(* Let $m>n$ be positive integers. (a) There is a functor $F:\mathfrak T_{iso}\to\mathfrak S([X\times\mathbb Z])$ such that for $\alpha\in\Delta_{iso}$, $F(\alpha)=\{[\lambda,j]: j\in\mathbb Z,\ \lambda\in X_{\nu^j\alpha}\}$ and $F(\rho_\alpha)[\lambda,j]=[t_{\nu^j\alpha}(\lambda),j]$ for $\lambda\in X_{\nu^j\alpha}$. (b) There is a functor $B:\mathfrak T_{iso}\to\mathfrak S([\mathcal B^\circ\times\mathbb Z])$ such that for $\alpha\in\Delta_{iso}$, $B(\alpha)=\{[\mathfrak b,j]: j\in\mathbb Z,\ \mathfrak b\in\mathcal B^\circ(\nu^j\alpha)\}$ and $B(\rho_\alpha)[\mathfrak b,j]=[r_{\nu^j\alpha}(\mathfrak b),j]$ for $\mathfrak b\in\mathcal B^\circ(\nu^j\alpha)$. (c) The map $[\zeta(\sigma),k]\mapsto[\mathfrak b^\circ(\sigma),k]$ is a well-defined bijection $[X\times\mathbb Z]\to[\mathcal B^\circ\times\mathbb Z]$ which carries $F(\alpha)$ onto $B(\alpha)$ and intertwines $F(\rho_\alpha)$ with $B(\rho_\alpha)$ for every $\alpha\in\Delta_{iso}$.
   Context: Roots: $\Delta_1^+=\{\epsilon_i-\delta_j\}$, $\Delta_{iso}=\pm\Delta_1^+$; $\nu(\pm(\epsilon_i-\delta_j))=\pm(\epsilon_{i+1}-\delta_j)$ with $\epsilon$-indices mod $n$ in $\{1,\dots,n\}$. $\mathfrak T_{iso}$: groupoid with objects $\Delta_{iso}$ and non-identity morphisms $\rho_\alpha:\alpha\to-\alpha$; $\mathfrak S(V)$: groupoid of subsets of $V$ and bijections between them. Young diagrams: $X$ = partitions $\lambda=(\lambda_1\ge\dots\ge\lambda_n\ge0)$, $\lambda_1\le m$, drawn in an $n\times m$ rectangle with rows $\epsilon_1,\dots,\epsilon_n$ top to bottom and columns $\delta_1,\dots,\delta_m$; $\lambda$ consists of boxes $\epsilon_i-\delta_j$ with $j\le\lambda_{n+1-i}$. For $\alpha\in\Delta_1^+$, $X_\alpha$ (resp. $X_{-\alpha}$) is the set of $\lambda$ for which box $\alpha$ is an outer (resp. inner) corner, $t_\alpha$ adds and $t_{-\alpha}$ removes that box. For $\lambda_1=m$, $\overline\lambda=(\lambda_2,\dots,\lambda_n,0)$. $[X\times\mathbb Z]$ is the set of classes of the smallest equivalence relation with $(\lambda,k)\sim(\overline\lambda,k+1)$ whenever $\lambda_1=m$. Shuffles and Borels: $I=\{1,\dots,n,1',\dots,m'\}$, $\epsilon_{j'}:=\delta_j$; a shuffle is a permutation $\sigma$ of $I$ whose one-line notation $(\sigma(1),\dots,\sigma(n),\sigma(1'),\dots,\sigma(m'))$ has $1,\dots,n$ and $1',\dots,m'$ as increasing subsequences. $\mathfrak b^\circ(\sigma)$ is the Borel subalgebra of $\mathfrak{gl}(n|m)$ containing the diagonal matrices whose simple roots are $\epsilon_{u}-\epsilon_{v}$ for consecutive entries $u,v$ of the one-line notation; $\mathcal B^\circ=\{\mathfrak b^\circ(\sigma)\}$. $\zeta(\sigma)\in X$: the boxes below the lattice path from top-left to bottom-right whose $k$-th step is down if the $k$-th entry of $\sigma$ is unprimed and right otherwise ($\zeta$ is a bijection). For $\alpha=\epsilon_i-\delta_j$, $\mathcal B^\circ(\alpha)$ (resp. $\mathcal B^\circ(-\alpha)$) is the set of $\mathfrak b^\circ(\sigma)$ in which $i$ immediately precedes (resp. follows) $j'$, and $r_{\pm\alpha}(\mathfrak b^\circ(\sigma))=\mathfrak b^\circ((i,j')\sigma)$ (interchange $i,j'$; this is the odd reflection). For $\sigma$ with last entry $n$, $\overline\sigma$ has one-line notation $1$ followed by $\nu^{-1}$ applied to the first $m+n-1$ entries of $\sigma$, where $\nu^{-1}(k)=k+1$ ($k<n$), $\nu^{-1}(n)=1$, $\nu^{-1}$ fixes primed entries. $[\mathcal B^\circ\times\mathbb Z]$ is the set of classes of the smallest equivalence relation with $(\mathfrak b^\circ(\sigma),k)\sim(\mathfrak b^\circ(\overline\sigma),k+1)$ whenever $\sigma$ has last entry $n$. *)

From HB Require Import structures.
From mathcomp Require Import all_boot all_order all_algebra.
From mathcomp Require Import perm algC.
From Stdlib Require Import Relations.Relation_Operators.
(* Let $n\ge 0$ be an integer, $\kappa\in\mathbb{R}$, $T>0$ and $0<|\phi|<1/2$ satisfy $$\coth\big((\tfrac12-\phi)T\big)=\kappa-\coth\big((\tfrac12+\phi)T\big),$$ and set $\tau=(2n+1)T/2$. Define $$\gamma_1=\frac{\coth^2(\tau-(n-\phi)T)-1}{[\kappa-\coth(\tau-(n-\phi)T)]^2-1},\qquad \gamma_2=\frac{\coth^2(\tau-(n+\phi)T)-1}{[\kappa-\coth(\tau-(n+\phi)T)]^2-1}.$$ Then $\gamma_1\gamma_2=1$ and $\beta:=\gamma_1+\gamma_2>2$; moreover $\widehat D_s(\lambda)=\lambda^{2n}(\lambda-\gamma_1)(\lambda-\gamma_2)-(1-\gamma_1)(1-\gamma_2)$ factors as $(\lambda-1)\widehat H_s(\lambda)$ with $$\widehat H_s(\lambda)=\lambda^{2n+1}+(1-\beta)\lambda^{2n}+(2-\beta)\sum_{i=0}^{2n-1}\lambda^i,$$ and $\widehat D_s$ has a real root strictly greater than $1$. *)

From Stdlib Require Import Reals.
Open Scope R_scope.

Definition coth (x : R) : R := cosh x / sinh x.

Fixpoint psum (f : nat -> R) (m : nat) : R :=
  match m with
  | O => 0
  | S k => psum f k + f k
  end.

Definition gamma1 (n : nat) (kappa T phi : R) : R :=
  let tau := (2 * INR n + 1) * T / 2 in
  let c := coth (tau - (INR n - phi) * T) in
  (c ^ 2 - 1) / ((kappa - c) ^ 2 - 1).

Definition gamma2 (n : nat) (kappa T phi : R) : R :=
  let tau := (2 * INR n + 1) * T / 2 in
  let c := coth (tau - (INR n + phi) * T) in
  (c ^ 2 - 1) / ((kappa - c) ^ 2 - 1).

Definition Dhat (n : nat) (g1 g2 lam : R) : R :=
  lam ^ (2 * n) * (lam - g1) * (lam - g2) - (1 - g1) * (1 - g2).

Definition Hhat (n : nat) (beta lam : R) : R :=
  lam ^ (2 * n + 1) + (1 - beta) * lam ^ (2 * n)
  + (2 - beta) * psum (fun i => lam ^ i) (2 * n).

(* With a := coth((1/2+phi)T) and b := coth((1/2-phi)T), both > 1, the choice of tau
   collapses the defining relation to g1 = (a^2-1)/(b^2-1) and g2 = (b^2-1)/(a^2-1).
   These are reciprocal and distinct (coth is injective and phi <> 0), so their sum
   exceeds 2.  Since g1 g2 = 1, D_s = (lam - 1) H_s by the geometric sum, and
   H_s(1) = (2n+1)(2-beta) < 0 while (beta-1) H_s(beta) = D_s(beta) = beta^(2n) + beta - 2 > 0,
   so H_s has a root in (1, beta). *)
From Stdlib Require Import Reals Lra Lia Psatz.
Open Scope R_scope.

Lemma coth_gt1 x : 0 < x -> coth x > 1.
Proof.
  intros hx. unfold coth, cosh, sinh.
  assert (exp (-x) < exp x) by (apply exp_increasing; lra).
  assert (0 < exp (-x)) by apply exp_pos.
  apply Rlt_gt, (Rmult_lt_reg_r ((exp x - exp (-x)) / 2)); [lra|].
  field_simplify; lra.
Qed.

Lemma coth_inj x y : 0 < x -> 0 < y -> coth x = coth y -> x = y.
Proof.
  intros hx hy h. unfold coth, cosh, sinh in h.
  assert (exp (-x) < exp x) by (apply exp_increasing; lra).
  assert (exp (-y) < exp y) by (apply exp_increasing; lra).
  assert (e : exp (-x) * exp y = exp x * exp (-y)).
  { apply (Rmult_eq_compat_r ((exp x - exp (-x)) * (exp y - exp (-y)))) in h.
    field_simplify in h; lra. }
  rewrite <- !exp_plus in e. apply exp_inv in e. lra.
Qed.

Lemma sum_div_swap_gt2 p q : 0 < p -> 0 < q -> p <> q -> p / q + q / p > 2.
Proof.
  intros hp hq hpq.
  assert (e : p / q + q / p - 2 = (p - q) ^ 2 / (p * q)) by (field; lra).
  assert (0 < (p - q) ^ 2 / (p * q)).
  { apply Rdiv_lt_0_compat; [|nra].
    assert (p - q <> 0) by lra. nra. }
  lra.
Qed.

Lemma psum_geom lam m : (lam - 1) * psum (fun i => lam ^ i) m = lam ^ m - 1.
Proof.
  induction m as [|m IH]; simpl; [ring|].
  rewrite Rmult_plus_distr_l, IH. ring.
Qed.

Lemma psum_const1 m : psum (fun i => 1 ^ i) m = INR m.
Proof.
  induction m as [|m IH]; [reflexivity|]. cbn [psum].
  rewrite IH, pow1, S_INR. ring.
Qed.

Lemma continuity_psum_pow m : continuity (fun lam => psum (fun i => lam ^ i) m).
Proof.
  induction m as [|m IH]; simpl.
  - apply continuity_const. now intros a b.
  - apply continuity_plus; [exact IH|]. apply derivable_continuous, derivable_pow.
Qed.

Lemma continuity_Hhat n beta : continuity (Hhat n beta).
Proof.
  unfold Hhat.
  repeat apply continuity_plus; try apply continuity_scal;
    try apply continuity_psum_pow; apply derivable_continuous, derivable_pow.
Qed.

Lemma Hhat_1 n beta : Hhat n beta 1 = (2 * INR n + 1) * (2 - beta).
Proof. unfold Hhat. rewrite !pow1, psum_const1, mult_INR. simpl INR. ring. Qed.

Section ReciprocalPair.

Variables (n : nat) (g1 g2 : R).
Hypothesis hprod : g1 * g2 = 1.

Lemma Dhat_factor lam : Dhat n g1 g2 lam = (lam - 1) * Hhat n (g1 + g2) lam.
Proof.
  unfold Dhat, Hhat.
  rewrite Rmult_plus_distr_l, (Rmult_comm (2 - _)), <- Rmult_assoc,
    (Rmult_comm (lam - 1)), Rmult_assoc, psum_geom.
  replace (2 * n + 1)%nat with (S (2 * n)) by lia. simpl.
  replace ((1 - g1) * (1 - g2)) with (1 - (g1 + g2) + g1 * g2) by ring.
  replace ((lam - g1) * (lam - g2)) with (lam * lam - (g1 + g2) * lam + g1 * g2)
    by ring.
  rewrite hprod. ring.
Qed.

Lemma Dhat_sum : Dhat n g1 g2 (g1 + g2) = (g1 + g2) ^ (2 * n) + (g1 + g2) - 2.
Proof.
  unfold Dhat.
  replace (g1 + g2 - g1) with g2 by ring. replace (g1 + g2 - g2) with g1 by ring.
  replace ((1 - g1) * (1 - g2)) with (1 - (g1 + g2) + g1 * g2) by ring.
  rewrite Rmult_assoc, (Rmult_comm g2), hprod. ring.
Qed.

Lemma Dhat_root_gt1 : g1 + g2 > 2 -> exists lam, lam > 1 /\ Dhat n g1 g2 lam = 0.
Proof.
  intros hbeta.
  assert (H1 : Hhat n (g1 + g2) 1 < 0).
  { rewrite Hhat_1. pose proof (pos_INR n). nra. }
  assert (Hbeta : 0 < Hhat n (g1 + g2) (g1 + g2)).
  { assert (0 < (g1 + g2) ^ (2 * n)) by (apply pow_lt; lra).
    assert (0 < Dhat n g1 g2 (g1 + g2)) by (rewrite Dhat_sum; lra).
    rewrite Dhat_factor in *. nra. }
  destruct (IVT _ 1 (g1 + g2) (continuity_Hhat n (g1 + g2)) ltac:(lra) H1 Hbeta)
    as [z [hz hHz]].
  assert (z <> 1) by (intro e; rewrite e in hHz; lra).
  exists z. split; [lra|]. rewrite Dhat_factor, hHz. ring.
Qed.

End ReciprocalPair.

Lemma gamma1_eq n kappa T phi :
  coth ((1 / 2 - phi) * T) = kappa - coth ((1 / 2 + phi) * T) ->
  gamma1 n kappa T phi
  = (coth ((1 / 2 + phi) * T) ^ 2 - 1) / (coth ((1 / 2 - phi) * T) ^ 2 - 1).
Proof.
  intros hrel. unfold gamma1. cbv zeta.
  replace ((2 * INR n + 1) * T / 2 - (INR n - phi) * T) with ((1 / 2 + phi) * T)
    by field.
  now rewrite hrel.
Qed.

Lemma gamma2_eq n kappa T phi :
  coth ((1 / 2 - phi) * T) = kappa - coth ((1 / 2 + phi) * T) ->
  gamma2 n kappa T phi
  = (coth ((1 / 2 - phi) * T) ^ 2 - 1) / (coth ((1 / 2 + phi) * T) ^ 2 - 1).
Proof.
  intros hrel. unfold gamma2. cbv zeta.
  replace ((2 * INR n + 1) * T / 2 - (INR n + phi) * T) with ((1 / 2 - phi) * T)
    by field.
  replace (kappa - coth ((1 / 2 - phi) * T)) with (coth ((1 / 2 + phi) * T)) by lra.
  reflexivity.
Qed.

Theorem mainTheorem4 (n : nat) (kappa T phi : R)
  (hT : 0 < T) (hphi0 : 0 < Rabs phi) (hphi1 : Rabs phi < 1 / 2)
  (hrel : coth ((1 / 2 - phi) * T) = kappa - coth ((1 / 2 + phi) * T)) :
  let g1 := gamma1 n kappa T phi in
  let g2 := gamma2 n kappa T phi in
  let beta := g1 + g2 in
  g1 * g2 = 1 /\ beta > 2 /\
  (forall lam : R, Dhat n g1 g2 lam = (lam - 1) * Hhat n beta lam) /\
  (exists lam : R, lam > 1 /\ Dhat n g1 g2 lam = 0).
Proof.
  intros g1 g2 beta.
  assert (hp : -1/2 < phi < 1/2) by (destruct (Rabs_def2 phi (1/2) hphi1); lra).
  assert (hne : phi <> 0) by (intro e; rewrite e, Rabs_R0 in hphi0; lra).
  assert (ha : coth ((1 / 2 + phi) * T) > 1) by (apply coth_gt1; nra).
  assert (hb : coth ((1 / 2 - phi) * T) > 1) by (apply coth_gt1; nra).
  assert (hab : coth ((1 / 2 + phi) * T) <> coth ((1 / 2 - phi) * T))
    by (intro e; apply coth_inj in e; nra).
  assert (hprod : g1 * g2 = 1).
  { unfold g1, g2. rewrite gamma1_eq, gamma2_eq by exact hrel. field; nra. }
  assert (hbeta : beta > 2).
  { unfold beta, g1, g2. rewrite gamma1_eq, gamma2_eq by exact hrel.
    apply sum_div_swap_gt2; nra. }
  split; [exact hprod|]. split; [exact hbeta|].
  split; [exact (Dhat_factor n g1 g2 hprod) | exact (Dhat_root_gt1 n g1 g2 hprod hbeta)].
Qed.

▶ [What to produce]: In the listing above, find the line with "lam ^ (2 * n +" and the line with "collapses the defining"; output exactly those lines and all lines between them.

▶ [Solution to this problem]:
  lam ^ (2 * n + 1) + (1 - beta) * lam ^ (2 * n)
  + (2 - beta) * psum (fun i => lam ^ i) (2 * n).

(* With a := coth((1/2+phi)T) and b := coth((1/2-phi)T), both > 1, the choice of tau
   collapses the defining relation to g1 = (a^2-1)/(b^2-1) and g2 = (b^2-1)/(a^2-1).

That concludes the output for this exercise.